(* Write L(≻, x) = {x} ∪ {y | x ≻ y}, so that ≻ ∈ N(x, A) iff A ⊆ L(≻, x).  For a
   consumption dependent random utility, p(x, y, A, B) is then the sum over A' ⊇ A and
   B' ⊇ B of the probability that L(≻, x) = A' and L(≻', y) = B'; this probability is
   the Möbius inverse q, hence q ≥ 0.  Marginality holds because exactly one y ∈ B is
   ≻'-best in B.
   Conversely, by marginality q1(x, A) = Σ_y q(x, y, A, X) is the Möbius inverse of the
   random choice rule x, A ↦ Σ_y p(x, y, A, X), and complete monotonicity makes q1 and
   the conditionals q(x, ·, A, ·) / q1(x, A) nonnegative.  Falmagne's theorem turns each
   of them into a distribution on orders whose lower sets L(≻, x) have exactly these
   probabilities: ν comes from q1, and t(x, ≻) from the conditional at A = L(≻, x).
   Falmagne's theorem is proved by building the order bottom-up as a Markov chain on
   sets, which from C adds z ∉ C with probability proportional to r(z, C ∪ {z}).
   Möbius inversion of the normalisation gives flow conservation
   Σ_{x ∈ C} r(x, C) = Σ_{z ∉ C} r(z, C ∪ {z}) for ∅ ≠ C ≠ X, so the chain passes
   through C with probability Σ_{x ∈ C} r(x, C), and L(≻, x) = A with probability
   r(x, A). *)

Lemma mem_neq_set0 (T : finType) x (A : {set T}) : x \in A -> A != set0.
Proof. by move=> xA; apply/set0Pn; exists x. Qed.

Section SupersetMobius.
Variables (T : finType) (R : comPzRingType).
Implicit Types (A B C D : {set T}) (f g : {set T} -> R).

Lemma sum_sign_interval A B :
  \sum_(J : {set T} | (A \subset J) && (J \subset B)) (-1) ^+ #|J :\: A| = (A == B)%:R :> R.
Proof.
pose F i : R := if i \in B then (if i \in A then 1 else -1) else 0.
pose G i : R := (i \notin A)%:R.
have prodFG : \prod_i (F i + G i) = (A == B)%:R.
  have [AB|] := eqVneq A B.
    by rewrite big1 // => i _; rewrite /F /G AB; case: (i \in B); rewrite ?addr0 ?add0r.
  rewrite eqEsubset negb_and => /orP[] /subsetPn[i iX niY];
    by rewrite (bigD1 i) //= /F /G iX (negbTE niY) /= ?addr0 ?addNr mul0r.
(* Expanding the product, the subset [J] collects the factors [F i]. *)
rewrite -prodFG bigA_distr big_mkcond /=; apply: eq_bigr => J _.
case: ifP => [/andP[AJ JB]|].
  rewrite -prodr_const big_mkcond /=; apply: eq_bigr => i _; rewrite /F /G !inE.
  case iJ: (i \in J); case iA: (i \in A) => //=.
  - by rewrite (subsetP JB).
  - by rewrite (subsetP JB).
  - by rewrite (subsetP AJ) in iJ.
move/negbT; rewrite negb_and => /orP[] /subsetPn[i iX niY].
  by rewrite (bigD1 i) //= (negbTE niY) /G iX mul0r.
by rewrite (bigD1 i) //= iX /F (negbTE niY); case: (i \in A); rewrite mul0r.
Qed.

Lemma sum_sign_interval_top A B :
  \sum_(J : {set T} | (A \subset J) && (J \subset B)) (-1) ^+ #|B :\: J| = (A == B)%:R :> R.
Proof.
have [AB|nAB] := boolP (A \subset B); last first.
  rewrite big_pred0; last by move=> J; apply: contraNF nAB => /andP[]; apply: subset_trans.
  by case: eqVneq nAB => // ->; rewrite subxx.
transitivity (\sum_(J : {set T} | (A \subset J) && (J \subset B))
                (-1) ^+ #|B :\: A| * (-1) ^+ #|J :\: A| : R).
  apply: eq_bigr => J /andP[AJ JB].
  have -> : #|B :\: A| = (#|B :\: J| + #|J :\: A|)%N.
    rewrite !cardsD (setIidPr AB) (setIidPr JB) (setIidPr AJ).
    by have := subset_leq_card AJ; have := subset_leq_card JB; lia.
  by rewrite exprD -mulrA -expr2 sqrr_sign mulr1.
rewrite -mulr_sumr sum_sign_interval.
by case: eqVneq => [->|_]; rewrite ?mulr0 // setDv cards0 mul1r.
Qed.

Definition mob f A : R := \sum_(A' : {set T} | A \subset A') (-1) ^+ #|A' :\: A| * f A'.

Lemma eq_mob f g A : (forall A', A \subset A' -> f A' = g A') -> mob f A = mob g A.
Proof. by move=> fg; apply: eq_bigr => A' AA'; rewrite fg. Qed.

Lemma mobB f g A : mob (fun A' => f A' - g A') A = mob f A - mob g A.
Proof. by rewrite /mob -sumrB; apply: eq_bigr => A' _; rewrite mulrBr. Qed.

Lemma mob_sum (I : finType) (P : pred I) (F : I -> {set T} -> R) A :
  mob (fun A' => \sum_(i | P i) F i A') A = \sum_(i | P i) mob (F i) A.
Proof. by rewrite /mob exchange_big; apply: eq_bigr => A' _; rewrite mulr_sumr. Qed.

Lemma exchange_big_sup (F : {set T} -> {set T} -> R) A :
  \sum_(A' : {set T} | A \subset A') \sum_(A'' : {set T} | A' \subset A'') F A' A'' =
  \sum_(A'' : {set T} | A \subset A'')
    \sum_(A' : {set T} | (A \subset A') && (A' \subset A'')) F A' A''.
Proof.
rewrite (exchange_big_dep (fun A'' => A \subset A'')) => [|A' A'']; last exact: subset_trans.
by apply: eq_bigr => A'' _; apply: eq_bigl => A'; rewrite andbC.
Qed.

Lemma sum_sup_eq_mul g A : \sum_(A' : {set T} | A \subset A') (A == A')%:R * g A' = g A.
Proof.
rewrite (bigD1 A) //= eqxx mul1r big1 ?addr0 // => A' /andP[_ nAA'].
by rewrite eq_sym (negbTE nAA') mul0r.
Qed.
========================================================================
Using only the data above, copy out the lines that include the word "finType".

### [RESPONSE TO THIS TASK]
Lemma mem_neq_set0 (T : finType) x (A : {set T}) : x \in A -> A != set0.
Variables (T : finType) (R : comPzRingType).
Lemma mob_sum (I : finType) (P : pred I) (F : I -> {set T} -> R) A :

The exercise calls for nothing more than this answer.